13 milioni di persone muoiono ogni anno a causa dell’inquinamento.
Stiamo affamando l’umanità, mettendo a rischio la sopravvivenza della specie e molti di noi ancora non hanno preso coscienza del perché, di come evitare tutto ciò, della necessità di cambiare comportamenti per salvare anche noi stessi.
Per fortuna abbiamo già tutte le soluzioni: esistono sistemi produttivi sempre meno impattanti sull’ambiente, addirittura rigenerativi degli ecosistemi. Noi possiamo scegliere di consumare di meno, di ridurre il nostro impatto ambientale, di compiere azioni rigenerative degli ecosistemi, ad esempio mettendo a dimora alberi.
La permacultura ci offre una visione sistemica che ci consente di progettare e realizzare insediamenti umani sostenibili e resilienti: d’ora in poi solo avendo un approccio sistemico, in grado di valutare prima tutti gli impatti delle nostre azioni e progettare quindi in maniera consapevole, potrà diminuire il rischio di catastrofi sempre peggiori.
Solo iniziando da noi stessi, divenendo consapevoli dell’impatto delle nostre azioni e cambiando le nostre abitudini, collaborando insieme agli altri esseri umani in maniera costruttiva, è possibile invertire rotta.

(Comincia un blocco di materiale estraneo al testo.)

(* Let $p>155$ be a prime, let $G$ be a cyclic group of order $p$, let $g\in G\setminus\{0\}$, and let $S$ be an unsplittable minimal zero-sum sequence over $G$ of length $\frac{p-1}{2}$ which is one of $$g^{\frac{p-11}{2}}\Big(\tfrac{p+3}{2}g\Big)^4\Big(\tfrac{p-1}{2}g\Big)\quad\text{or}\quad g^{\frac{p-7}{2}}\Big(\tfrac{p+5}{2}g\Big)^2\Big(\tfrac{p-3}{2}g\Big).$$ Then $\operatorname{ind}(S)=2$.
   Context: A sequence over $G$ is a finite unordered list of elements of $G$ with repetition allowed, written multiplicatively; $h^r$ denotes $r$ copies of $h$ and $tg$ is the $t$-fold multiple of $g$. $S$ is a minimal zero-sum sequence if its sum is $0$ and no nonempty proper subsequence has sum $0$; it is unsplittable if there do not exist $h\in\operatorname{supp}(S)$ and $y,z\in G$ with $y+z=h$ such that replacing one copy of $h$ in $S$ by the two terms $y,z$ gives again a minimal zero-sum sequence. For $h\in G$ nonzero of order $n$ and $S=(x_1h)\cdots(x_lh)$ with integers $1\le x_i\le n$, the $h$-norm is $\|S\|_h=(x_1+\dots+x_l)/n$. If $\langle\operatorname{supp}(S)\rangle$ is a nontrivial finite cyclic group, $\operatorname{ind}(S)=\min\{\|S\|_h: h\in G,\ \langle\operatorname{supp}(S)\rangle=\langle h\rangle\}$. *)

(* Sequences over an additive abelian group G (a zmodType)
   are represented by [seq G]; being "unordered" is handled by always
   quantifying over sub-multisets via masks and by stating the shape of S up
   to permutation ([perm_eq]). *)
From HB Require Import structures.
From mathcomp Require Import all_boot all_order all_algebra.
Set Implicit Arguments.
Unset Strict Implicit.
Unset Printing Implicit Defensive.
Import Order.TTheory GRing.Theory Num.Theory.
Local Open Scope ring_scope.

Section Defs.
Variable G : zmodType.

Definition seqsum (S : seq G) : G := \sum_(x <- S) x.

Definition min_zero_sum (S : seq G) : Prop :=
  seqsum S = 0 /\
  forall m : bitseq, let T := mask m S in
    T != [::] -> (size T < size S)%N -> seqsum T <> 0.

Definition unsplittable (S : seq G) : Prop :=
  ~ (exists h y z, h \in S /\ y + z = h /\
       min_zero_sum (y :: z :: rem h S)).

Definition in_span (S : seq G) (x : G) : Prop :=
  exists c : seq int, x = \sum_(i < size S) S`_i *~ c`_i.

Definition generates (S : seq G) (h : G) : Prop :=
  forall x, in_span S x <-> exists k : int, x = h *~ k.

Definition order_of (h : G) (n : nat) : Prop :=
  (0 < n)%N /\ h *+ n = 0 /\ forall m, (0 < m < n)%N -> h *+ m <> 0.

Definition hnorm (h : G) (S : seq G) (q : rat) : Prop :=
  exists (n : nat) (xs : seq nat),
    order_of h n /\ size xs = size S /\
    (forall i, (i < size S)%N ->
        (1 <= nth 0%N xs i <= n)%N /\ S`_i = h *+ nth 0%N xs i) /\
    q = (sumn xs)%:R / n%:R.

Definition ind_is (S : seq G) (q : rat) : Prop :=
  (exists h, generates S h /\ hnorm h S q) /\
  (forall h q', generates S h -> hnorm h S q' -> q <= q').

End Defs.

(* Put h := ((p+1)/2) g, so that g = 2h.  In terms of h both sequences have
   the shape (2h)^a (uh)^b (vh) with 2 < u < p and 2a + bu + v = 2p, so
   ||S||_h = 2.  Conversely, for every generator h the coefficients of S sum
   to a positive multiple of ord(h), so ||S||_h is a positive integer; and if
   it were 1, an element xh of S with x >= 2 (there is one, as S has two
   distinct terms) could be split into h and (x-1)h, leaving coefficients
   that still sum to ord(h), i.e. a minimal zero-sum sequence: S would not be
   unsplittable. *)
From HB Require Import structures.
From mathcomp Require Import all_boot all_order fingroup cyclic all_algebra zify.
Import Order.TTheory GRing.Theory Num.Theory.
Local Open Scope ring_scope.

Set Implicit Arguments.
Unset Strict Implicit.

Lemma perm_map_preimage (T U : eqType) (f : T -> U) (x0 : T) s t :
  perm_eq s (map f t) -> exists2 t', perm_eq t' t & s = map f t'.
Proof.
case/(perm_iotaP (f x0)) => Is; rewrite size_map => Is_iota ->.
exists (map (nth x0 t) Is).
  by rewrite -{2}(mkseq_nth x0 t) perm_map.
rewrite -map_comp; apply/eq_in_map => i; rewrite (perm_mem Is_iota) mem_iota.
by move=> /= i_lt; rewrite (nth_map x0).
Qed.

Lemma sumn_gt0 (s : seq nat) :
  all (fun x => 0 < x)%N s -> s != [::] -> (0 < sumn s)%N.
Proof. by case: s => //= x s /andP[x_gt0 _] _; rewrite addn_gt0 x_gt0. Qed.

Lemma leq_sumn_mask (m : bitseq) (s : seq nat) : (sumn (mask m s) <= sumn s)%N.
Proof.
elim: s m => [|x s IH] [|[] m] //=; first by rewrite leq_add2l.
exact: leq_trans (IH m) (leq_addl _ _).
Qed.

Lemma sumn_mask_lt (m : bitseq) (s : seq nat) :
  all (fun x => 0 < x)%N s -> (size (mask m s) < size s)%N ->
  (sumn (mask m s) < sumn s)%N.
Proof.
elim: s m => [|x s IH] [|[] m] //= /andP[x_gt0 s_pos].
- by move=> _; rewrite addn_gt0 x_gt0.
- by rewrite ltnS ltn_add2l => /(IH m s_pos).
- by move=> _; rewrite -addn1 addnC leq_add // leq_sumn_mask.
Qed.

Section Order.
Variable G : zmodType.
Implicit Types (h : G) (n : nat).

Lemma mulrn_period h n k m : h *+ n = 0 -> h *+ (n * k + m) = h *+ m.
Proof. by move=> hn; rewrite mulrnDr mulrnA hn mul0rn add0r. Qed.

Lemma order_of_dvdn h n m : order_of h n -> h *+ m = 0 -> (n %| m)%N.
Proof.
move=> [n_gt0 [hn h_min]] hm; have [r0|r_gt0] := posnP (m %% n); first by rewrite /dvdn r0.
exfalso; apply: (h_min (m %% n)%N); first by rewrite r_gt0 ltn_pmod.
by rewrite -hm {2}(divn_eq m n) mulnC mulrn_period.
Qed.

Lemma order_of_inj h n i j :
  order_of h n -> (i < n)%N -> (j < n)%N -> h *+ i = h *+ j -> i = j.
Proof.
move=> ho; wlog le_ij : i j / (i <= j)%N.
  move=> W; case: (leqP i j) => [|/ltnW le_ji]; first exact: W.
  by move=> i_lt j_lt /esym/(W j i le_ji j_lt i_lt).
move=> _ j_lt eq_ij; have : (n %| j - i)%N.
  apply: (order_of_dvdn ho); apply: (addIr (h *+ i)).
  by rewrite -mulrnDr subnK // add0r eq_ij.
have [ji0|ji_gt0] := posnP (j - i); first lia.
by move/(dvdn_leq ji_gt0); lia.
Qed.

Lemma seqsum_mulrn h (xs : seq nat) :
  seqsum [seq h *+ x | x <- xs] = h *+ sumn xs.
Proof.
by rewrite /seqsum big_map; elim: xs => [|x xs IH]; rewrite ?big_nil ?big_cons //= IH mulrnDr.
Qed.

Lemma min_zero_sum_mulrn h n xs :
  order_of h n -> all (fun x => 0 < x)%N xs -> sumn xs = n ->
  min_zero_sum [seq h *+ x | x <- xs].
Proof.
move=> [_ [hn h_min]] xs_pos sum_xs.
split=> [|m /=]; first by rewrite seqsum_mulrn sum_xs.
rewrite -map_mask !size_map seqsum_mulrn => mask_neq0 mask_lt.
have mask_pos : all (fun x => 0 < x)%N (mask m xs).
  by apply/allP => x /mem_mask /(allP xs_pos).
have mask_neq : mask m xs != [::] by apply: contraNneq mask_neq0 => ->.
by apply: h_min; rewrite -sum_xs sumn_gt0 ?sumn_mask_lt.
Qed.

Lemma hnorm_coeffs h (S : seq G) q :
  hnorm h S q -> exists n xs,
    [/\ order_of h n, all (fun x => 0 < x <= n)%N xs,
        S = [seq h *+ x | x <- xs] & q = (sumn xs)%:R / n%:R].
Proof.
case=> n [xs [ho [size_xs [S_xs ->]]]]; exists n, xs; split=> //.
  by apply/(all_nthP 0%N) => i; rewrite size_xs => /S_xs[].
apply: (@eq_from_nth _ 0); first by rewrite size_map size_xs.
by move=> i i_lt; rewrite (nth_map 0%N) ?size_xs //; case: (S_xs i i_lt).
Qed.

Lemma hnorm_mulrn h n xs :
  order_of h n -> all (fun x => 0 < x <= n)%N xs ->
  hnorm h [seq h *+ x | x <- xs] ((sumn xs)%:R / n%:R).
Proof.
move=> ho xs_range; exists n, xs; split=> //; split; first by rewrite size_map.
split=> // i; rewrite size_map => i_lt; rewrite (nth_map 0%N) //.
by split=> //; apply: (all_nthP 0%N xs_range).
Qed.

Lemma norm1_not_unsplittable h n xs c :
  order_of h n -> all (fun x => 0 < x)%N xs -> sumn xs = n ->
  c \in [seq h *+ x | x <- xs] -> c != h ->
  ~ unsplittable [seq h *+ x | x <- xs].
Proof.
set f := fun x => h *+ x => ho xs_pos sum_xs cS c_neq_h; apply.
set j := index c (map f xs); set x := nth 0%N xs j.
have j_lt : (j < size xs)%N by rewrite -(size_map f) index_mem.
have c_def : c = f x by rewrite -(nth_map _ 0) // nth_index.
have x_gt0 : (0 < x)%N by apply: (all_nthP 0%N xs_pos).
have x_neq1 : x != 1%N by apply: contraNneq c_neq_h => x1; rewrite c_def x1 /f mulr1n.
have x_ge2 : (2 <= x)%N by lia.
exists c, h, (h *+ (x - 1)); split=> //; split.
  by rewrite c_def /f -mulrS subn1 prednK // ltnW.
have -> : h :: h *+ (x - 1) :: rem c (map f xs)
          = map f (1%N :: (x - 1)%N :: (take j xs ++ drop j.+1 xs)).
  by rewrite remE -/j /= map_cat map_take map_drop /f mulr1n.
apply: (min_zero_sum_mulrn ho).
  rewrite /= all_cat subn_gt0 x_ge2 /=.
  by apply/andP; split; apply/allP => y; [move/mem_take | move/mem_drop];
    apply: (allP xs_pos).
rewrite -sum_xs -{3}(cat_take_drop j xs) (drop_nth 0%N j_lt) /= !sumn_cat /=.
rewrite -/x; lia.
Qed.

Lemma hnorm_ge2 (S : seq G) h q a b :
  seqsum S = 0 -> unsplittable S -> a \in S -> b \in S -> a != b ->
  hnorm h S q -> 2 <= q.
Proof.
move=> S0 uns aS bS a_neq_b /hnorm_coeffs[n [xs [ho xs_range S_def ->]]].
subst S; have xs_pos : all (fun x => 0 < x)%N xs.
  by apply: sub_all xs_range => x /andP[].
have /dvdnP[k sum_xs] : (n %| sumn xs)%N.
  by apply: (order_of_dvdn ho); rewrite -seqsum_mulrn.
have n_gt0 : (0 < n)%N := ho.1.
have k_gt0 : (0 < k)%N.
  have : (0 < sumn xs)%N by apply: sumn_gt0 => //; case: (xs) aS.
  by rewrite sum_xs muln_gt0 => /andP[].
rewrite sum_xs natrM mulfK ?pnatr_eq0 -?lt0n // ler_nat.
case: (ltnP 1 k) => // k_le1; exfalso.
have sum_n : sumn xs = n by rewrite sum_xs (_ : k = 1%N) ?mul1n //; lia.
have [c cS c_neq_h] : exists2 c, c \in [seq h *+ x | x <- xs] & c != h.
  by case: (eqVneq a h) => [a_h|]; [exists b; rewrite // -a_h eq_sym | exists a].
exact: norm1_not_unsplittable ho xs_pos sum_n cS c_neq_h uns.
Qed.

Lemma in_span_mulrn (S : seq G) y j : y \in S -> in_span S (y *+ j).
Proof.
move=> yS; have i_lt : (index y S < size S)%N by rewrite index_mem.
exists (mkseq (fun i => if i == index y S then j%:Z else 0) (size S)).
rewrite (bigD1 (Ordinal i_lt)) //= nth_mkseq // eqxx nth_index // big1.
  by rewrite addr0 pmulrn.
move=> i /eqP i_neq; rewrite nth_mkseq //; case: eqP => [i_eq|_].
  by exfalso; apply: i_neq; apply: val_inj.
by rewrite mulr0z.
Qed.

End Order.

Section PrimeOrder.
Variables (G : finZmodType) (p : nat).
Hypotheses (p_prime : prime p) (card_G : #|G| = p).

Lemma mulrn_eq0_prime (x : G) m : x != 0 -> (x *+ m == 0) = (p %| m)%N.
Proof.
move=> x_neq0; rewrite (_ : (x *+ m == 0) = (x ^+ m == 1)%g) // -order_dvdn.
have : (#[x]%g %| p)%N by rewrite -card_G -cardsT order_dvdG ?in_setT.
case/primeP: p_prime => _ p_div /p_div /orP[|/eqP -> //].
by rewrite order_eq1 (negPf x_neq0).
Qed.

Lemma order_of_card_prime (h : G) : h != 0 -> order_of h p.
Proof.
move=> h_neq0; split; first exact: prime_gt0.
split; first by apply/eqP; rewrite mulrn_eq0_prime.
move=> m /andP[m_gt0 m_lt]; apply/eqP; rewrite mulrn_eq0_prime //.
by apply/negP => /(dvdn_leq m_gt0); rewrite leqNgt m_lt.
Qed.

Lemma mulrn_surj_prime (h x : G) : h != 0 -> exists j, x = h *+ j.
Proof.
move=> /order_of_card_prime ho; pose f (i : 'I_p) := h *+ i.
have f_inj : injective f.
  by move=> i j /(order_of_inj ho (ltn_ord i) (ltn_ord j)) /val_inj.
have := inj_card_onto f_inj; rewrite card_ord card_G leqnn.
by move=> /(_ isT x) /codomP[i ->]; exists i.
Qed.

Lemma generates_prime (S : seq G) h y :
  h != 0 -> y \in S -> y != 0 -> generates S h.
Proof.
move=> h_neq0 yS y_neq0 x; split=> _.
  by have [j ->] := mulrn_surj_prime x h_neq0; exists j%:Z; rewrite pmulrn.
by have [j ->] := mulrn_surj_prime x y_neq0; apply: in_span_mulrn.
Qed.

Lemma ind_is_2 (S : seq G) h xs a b :
  h != 0 -> all (fun x => 0 < x <= p)%N xs -> sumn xs = (2 * p)%N ->
  perm_eq S [seq h *+ x | x <- xs] -> unsplittable S ->
  a \in S -> b \in S -> a != b -> ind_is S 2.
Proof.
move=> h_neq0 xs_range sum_xs pS uns aS bS a_neq_b.
have ho := order_of_card_prime h_neq0.
have [xs' xs'_xs S_def] := perm_map_preimage 0%N pS; subst S.
have [y yS y_neq0] : exists2 y, y \in [seq h *+ x | x <- xs'] & y != 0.
  by case: (eqVneq a 0) => [a0|]; [exists b; rewrite // -a0 eq_sym | exists a].
split.
  exists h; split; first exact: generates_prime yS y_neq0.
  have := hnorm_mulrn ho (etrans (perm_all _ xs'_xs) xs_range).
  by rewrite (perm_sumn xs'_xs) sum_xs natrM mulfK // pnatr_eq0 -lt0n prime_gt0.
move=> h' q' _; apply: hnorm_ge2 uns aS bS a_neq_b.
by rewrite seqsum_mulrn (perm_sumn xs'_xs) sum_xs mulnC mulrnA ho.2.1 mul0rn.
Qed.

Lemma ind_is_2_of_shape (S : seq G) h a b u v :
  h != 0 -> perm_eq S (nseq a (h *+ 2) ++ nseq b (h *+ u) ++ [:: h *+ v]) ->
  unsplittable S -> (0 < a)%N -> (0 < b)%N -> (2 < u < p)%N ->
  (0 < v <= p)%N -> (2 * a + b * u + v = 2 * p)%N -> ind_is S 2.
Proof.
set xs := nseq a 2%N ++ nseq b u ++ [:: v].
have -> : nseq a (h *+ 2) ++ nseq b (h *+ u) ++ [:: h *+ v] = [seq h *+ x | x <- xs].
  by rewrite !map_cat !map_nseq.
move=> h_neq0 pS uns a_gt0 b_gt0 /andP[u_gt2 u_lt] v_range sum_abv.
have mem_S x : x \in xs -> h *+ x \in S by move=> ?; rewrite (perm_mem pS) map_f.
apply: (ind_is_2 h_neq0 _ _ pS uns (mem_S 2%N _) (mem_S u _)).
- by rewrite !all_cat !all_nseq /= v_range; lia.
- by rewrite !sumn_cat !sumn_nseq /=; lia.
- by rewrite !mem_cat !mem_nseq eqxx a_gt0.
- by rewrite !mem_cat !mem_nseq eqxx b_gt0 orbT.
- by apply/eqP => /(order_of_inj (order_of_card_prime h_neq0)); lia.
Qed.

End PrimeOrder.

Unset Implicit Arguments.

Theorem lemma3p6 (p : nat) (G : finZmodType) (g : G) (S : seq G) :
  prime p -> (155 < p)%N ->
  #|G| = p ->
  (exists h : G, forall x : G, exists k : nat, x = h *+ k) ->
  g != 0 ->
  min_zero_sum S -> unsplittable S ->
  size S = p.-1./2 ->
  (perm_eq S (nseq ((p - 11)./2) g ++ nseq 4 (g *+ (p + 3)./2)
               ++ [:: g *+ (p - 1)./2])
   \/ perm_eq S (nseq ((p - 7)./2) g ++ nseq 2 (g *+ (p + 5)./2)
               ++ [:: g *+ (p - 3)./2])) ->
  ind_is S 2.
Proof.
(* Cyclicity of G follows from #|G| = p and the vanishing of the sum of S
   from its shape. *)
move=> p_prime p_gt155 card_G _ g_neq0 _ uns _ shapes.
have p_odd : odd p by case: (even_prime p_prime) => // p2; rewrite p2 in p_gt155.
have p_halves := odd_double_half p; rewrite p_odd /= in p_halves.
have gp : g *+ p = 0 := (order_of_card_prime p_prime card_G g_neq0).2.1.
set h := g *+ (p./2).+1.
have g_def : g = h *+ 2 by rewrite -mulrnA (_ : _ * 2 = p * 1 + 1)%N ?mulrn_period //; lia.
have h_neq0 : h != 0 by apply: contraNneq g_neq0 => h0; rewrite g_def h0 mul0rn.
have hp : h *+ p = 0 := (order_of_card_prime p_prime card_G h_neq0).2.1.
have reduce k t m : (2 * k = p * t + m)%N -> g *+ k = h *+ m.
  by move=> km; rewrite g_def -mulrnA km mulrn_period.
case: shapes => pS.
- have e1 : g *+ (p + 3)./2 = h *+ 3%N by apply: (reduce _ 1%N); lia.
  have e2 : g *+ (p - 1)./2 = h *+ (p - 1) by apply: (reduce _ 0%N); lia.
  rewrite e1 e2 g_def in pS.
  by apply: (ind_is_2_of_shape p_prime card_G h_neq0 pS uns); lia.
- have e1 : g *+ (p + 5)./2 = h *+ 5%N by apply: (reduce _ 1%N); lia.
  have e2 : g *+ (p - 3)./2 = h *+ (p - 3) by apply: (reduce _ 0%N); lia.
  rewrite e1 e2 g_def in pS.
  by apply: (ind_is_2_of_shape p_prime card_G h_neq0 pS uns); lia.
Qed.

Ora è il momento di prendere coscienza tutti di quanto sia fondamentale il nostro agire per migliorare il mondo. Siamo noi persone comuni che dobbiamo impegnarci in prima persona: non verrà nessun salvatore, nessun eroe, nessun potere, che lo farà al posto nostro.
Siamo qui in questa epoca, questa deve essere la nostra missione di vita: riprogettare il mondo perché sia un posto migliore dove vivere.
Possiamo vivere tutti in pace e felici, dipende dall’impegno di ognuno di noi: chi non crede in ciò non può dirsi un vero essere umano.